When asked what she thought the state of Alabama stood to gain by denying so many incarcerated people parole, Head answered: “They get to build new ones [prisons].”

Alabama’s prisons are already under investigation by the Department of Justice for their inhumane conditions and extremely high levels of violence. In response, the state Legislature has allocated $400 million in COVID relief funds to build two new mega prisons to house their overflowing prison population.

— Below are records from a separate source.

Lemma normalize_natural A C (u v : Word A C) (c : FCell u v) D (t : NWord C D)
    (e : napp u t = napp v t) :
  (evalC c <o> id2 (evalW (embed t))) ** evalC (normalize v t)
  = evalC (normalize u t) ** ncast e.
Proof.
elim: c D t e.
- by move=> A0 C0 w D t e; rewrite hcomp_id vcomp_id_l ncast_id vcomp_id_r.
- move=> A0 C0 u0 v0 w0 a IHa b IHb D t e /=.
  rewrite -rwhisker_vcomp -vcomp_assoc (IHb D t (napp_fcell b t)).
  by rewrite vcomp_assoc (IHa D t (napp_fcell a t)) -vcomp_assoc ncast_comp.
- move=> A0 C0 D0 x u0 v0 a IH D t e /=.
  rewrite vcomp_assoc assoc_nat -(vcomp_assoc (assoc _ _ _)).
  rewrite (vcomp_assoc (_ <o> (_ <o> _))) lwhisker_vcomp (IH D t (napp_fcell a t)).
  by rewrite -lwhisker_vcomp -!vcomp_assoc ncast_normalize.
- move=> A0 C0 D0 u0 v0 x a IH D t e /=.
  rewrite vcomp_assoc assoc_nat hcomp_id -(vcomp_assoc (assoc _ _ _)).
  by rewrite (vcomp_assoc (_ <o> _)) whisker_exchange -!vcomp_assoc (IH _ _ e) !vcomp_assoc.
- by move=> *; rewrite normalize_assoc ncast_id vcomp_id_r.
- move=> A0 C0 D0 E0 u0 v0 w0 D t e.
  rewrite -normalize_assoc vcomp_assoc rwhisker_vcomp assoc_iso2.
  by rewrite hcomp_id vcomp_id_l ncast_id vcomp_id_r.
- by move=> *; rewrite normalize_lunit ncast_id vcomp_id_r.
- move=> A0 C0 u0 D t e.
  rewrite -normalize_lunit vcomp_assoc rwhisker_vcomp lunit_iso2.
  by rewrite hcomp_id vcomp_id_l ncast_id vcomp_id_r.
- by move=> *; rewrite normalize_runit ncast_id vcomp_id_r.
- move=> A0 C0 u0 D t e.
  rewrite -normalize_runit vcomp_assoc rwhisker_vcomp runit_iso2.
  by rewrite hcomp_id vcomp_id_l ncast_id vcomp_id_r.
Qed.

Theorem fcell_coherence (A C : ob B) (u v : Word A C) (c1 c2 : FCell u v) :
  evalC c1 = evalC c2.
Proof.
have E1 := normalize_natural c1 (napp_fcell c1 (NNil C)).
have E2 := normalize_natural c2 (napp_fcell c1 (NNil C)).
rewrite -E2 in E1.
have [Hinv _] := evalC_fcell_inv (normalize v (NNil C)).
have E := vcomp_cancel_r Hinv E1.
apply: (vcomp_cancel_l (a := runit (evalW u)) (a' := runit_inv (evalW u))).
  exact: runit_iso2.
by rewrite -!runit_nat E.
Qed.
Lemma letters_napp A C (u : Word A C) D (s : NWord C D) :
  letters (embed (napp u s)) = letters u ++ letters (embed s).
Proof. by elim: u D s => //= A0 C0 D0 u IHu v IHv D s; rewrite IHu IHv catA. Qed.

Lemma napp_embed A C (u : Word A C) D (s : NWord C D) E (t : NWord D E) :
  napp (embed (napp u s)) t = napp u (napp (embed s) t).
Proof. by elim: u D s E t => //= A0 C0 D0 u IHu v IHv D s E t; rewrite IHu IHv. Qed.

Lemma napp_embed_nil A C (n : NWord A C) : napp (embed n) (NNil C) = n.
Proof. by elim: n => //= A0 C0 D0 M t ->. Qed.

Section Shadows.
Variable S : Shadow B.

Definition NShObj := {A : ob B & NWord A A}.
Definition evalN (y : NShObj) : tob S := sh (evalW (embed (projT2 y))).
Definition ntransport (y z : NShObj) (e : y = z) : tmor S (evalN y) (evalN z) :=
  match e with erefl => tid _ end.

Lemma ntransport_id (y : NShObj) (e : y = y) : ntransport e = tid _.
Proof. by rewrite (proof_irrelevance _ e erefl). Qed.

Lemma ntransport_comp (y z w : NShObj) (e1 : y = z) (e2 : z = w) (e3 : y = w) :
  ntransport e1 >>> ntransport e2 = ntransport e3.
Proof. by subst; rewrite !ntransport_id tcomp_id_l. Qed.

Definition rotate_cons A C (X : @hom B A C) (t : NWord C A) :
  {y : NShObj & FSh (WComp (WEdge X) (embed t)) (embed (projT2 y))} :=
  existT _ (existT _ C (napp (embed t) (NCons X (NNil C))))
    (FShComp (FShTheta (WEdge X) (embed t))
      (FShCell (FVcomp (FWhiskL (embed t) (FRunitInv (WEdge X)))
                       (normalize (embed t) (NCons X (NNil C)))))).

Definition ncast_index A D (e : D = A) (n : NWord A D) : NWord A A :=
  eq_rect D (NWord A) n A e.

(* One-letter rotation of a shadow of a normal word (the identity on the
   empty word); the index equation makes the case analysis possible. *)
Definition rotate_step_gen A D (n : NWord A D) : forall e : D = A,
  {y : NShObj & FSh (embed (ncast_index e n)) (embed (projT2 y))}.
Proof.
case: n => [A0|A0 C0 D0 X t] e.
- exact (existT _ (existT _ A0 (ncast_index e (NNil A0))) (FShId _)).
- subst D0; exact (rotate_cons X t).
Defined.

“In Alabama, building prisons is considered economic development. For those areas of the state that we don’t want to put any real investment into their infrastructure, roads, bridges or hospitals to be economic drivers for those communities, we build a prison instead,” said Chris England, a Democrat in Alabama’s Legislature fighting for more transparency and accountability for the parole board.

In February, Rep. England introduced legislation that would ensure the board follows their own guidelines, or at least explain why it’s refusing to do so. But the bill died. England believes that, by not following its own objective guidelines, the parole board has allowed its own unconscious bias to infect the decision-making process.

“It’s almost like if you’re a Black male, you’re going to be denied. It doesn’t matter what you did in prison. It doesn’t matter if you become a better person. ‘Twenty-five years ago, you did this. Oh, and by the way, I’m not gonna say this out loud, but you’re Black.’ The board does whatever they want.”

In September, thousands of incarcerated workers at all 13 of Alabama’s prisons went on strike and refused to work their prison-labor jobs. Their reasons for striking included unsanitary conditions, overcrowding, neglect, abuse, and rampant violence. But at the top of the list is the sense of desperation and hopelessness a broken parole system creates. Strikers allegedly faced severe retaliation by the Alabama Department of Corrections, including “bird feeding” striking workers, or cutting down their meals to just breakfast and dinner.

Goines didn’t participate in the strike. He was worried he’d have to go back to a higher security prison if he did. Now, he just has to get on with his life; he was hoping to get out in time to spend some precious final years with his mother, who’s in the fourth stage of kidney failure. He also wanted to start a family of his own, but those dreams are slowly dwindling.

“I’ve cried so many tears over the past 15 years. I don’t have any tears left to cry,” Goines said.